DESCRIPTION OF THE TASK » Search the entries below for "locally". Report each line where it occurs.

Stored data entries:
=== Section Start ===

(* Let $\alpha,\kappa>0$, $\beta\in\mathbb R$ and $\varepsilon,\nu\geqslant0$. The ordinary differential equation $$\ddot\tau=\frac{2\kappa}{\tau}+\frac{\varepsilon^2}{\tau^3}-\nu\frac{\dot\tau}{\tau^2},\qquad\tau(0)=\alpha,\quad\dot\tau(0)=\beta,$$ has a unique solution $\tau\in C^2(0,\infty)$, and it satisfies, as $t\to\infty$, $\tau(t)\sim 2t\sqrt{\kappa\ln t}$ and $\dot\tau(t)\sim2\sqrt{\kappa\ln t}$. *)

From Stdlib Require Import Reals.
From Coquelicot Require Import Coquelicot.
Open Scope R_scope.

Definition ode_solution (kappa eps nu alpha beta : R) (tau : R -> R) : Prop :=
  (forall t, 0 <= t -> 0 < tau t) /\
  tau 0 = alpha /\
  filterlim (fun h => (tau h - tau 0) / h) (at_right 0) (locally beta) /\
  filterlim (Derive tau) (at_right 0) (locally beta) /\
  (forall t, 0 < t ->
     ex_derive tau t /\ ex_derive (Derive tau) t /\
     Derive (Derive tau) t =
       2 * kappa / tau t + eps ^ 2 / (tau t) ^ 3 - nu * Derive tau t / (tau t) ^ 2).

From Stdlib Require Import Reals Lra Lia Ranalysis5 Classical.
From Coquelicot Require Import Coquelicot.
Open Scope R_scope.

(* With [v = tau'], the energy [v^2/2 - 2 kappa ln tau + eps^2/(2 tau^2)] is nonincreasing, since
   the friction term only dissipates. This confines every solution to the region
   [tau >= tau_min], [|v| <= speed_ratio * tau], where the equation agrees with a globally
   Lipschitz one: Picard iteration then gives a global solution and a Gronwall estimate
   uniqueness.
   For the asymptotics, [u = v - nu / tau] has [u' = 2 kappa / tau + eps^2 / tau^3 > 0] and is
   unbounded, so [v] and [tau] tend to infinity. The energy is then bounded on both sides, i.e.
   [v^2 = 4 kappa ln tau + O(1)], so [(tau / sqrt (ln tau))' -> 2 sqrt kappa]. Hence
   [tau ~ 2 sqrt kappa t sqrt (ln tau)], which forces [ln tau ~ ln t]. *)

(** * Monotonicity and one-sided limits *)

Lemma exp_le (x y : R) : x <= y -> exp x <= exp y.
Proof. intros H. destruct (Req_dec x y) as [->|]; [lra|]. apply Rlt_le, exp_increasing; lra. Qed.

=== Section End ===

EXERCISE SOLUTION »
  filterlim (fun h => (tau h - tau 0) / h) (at_right 0) (locally beta) /\
  filterlim (Derive tau) (at_right 0) (locally beta) /\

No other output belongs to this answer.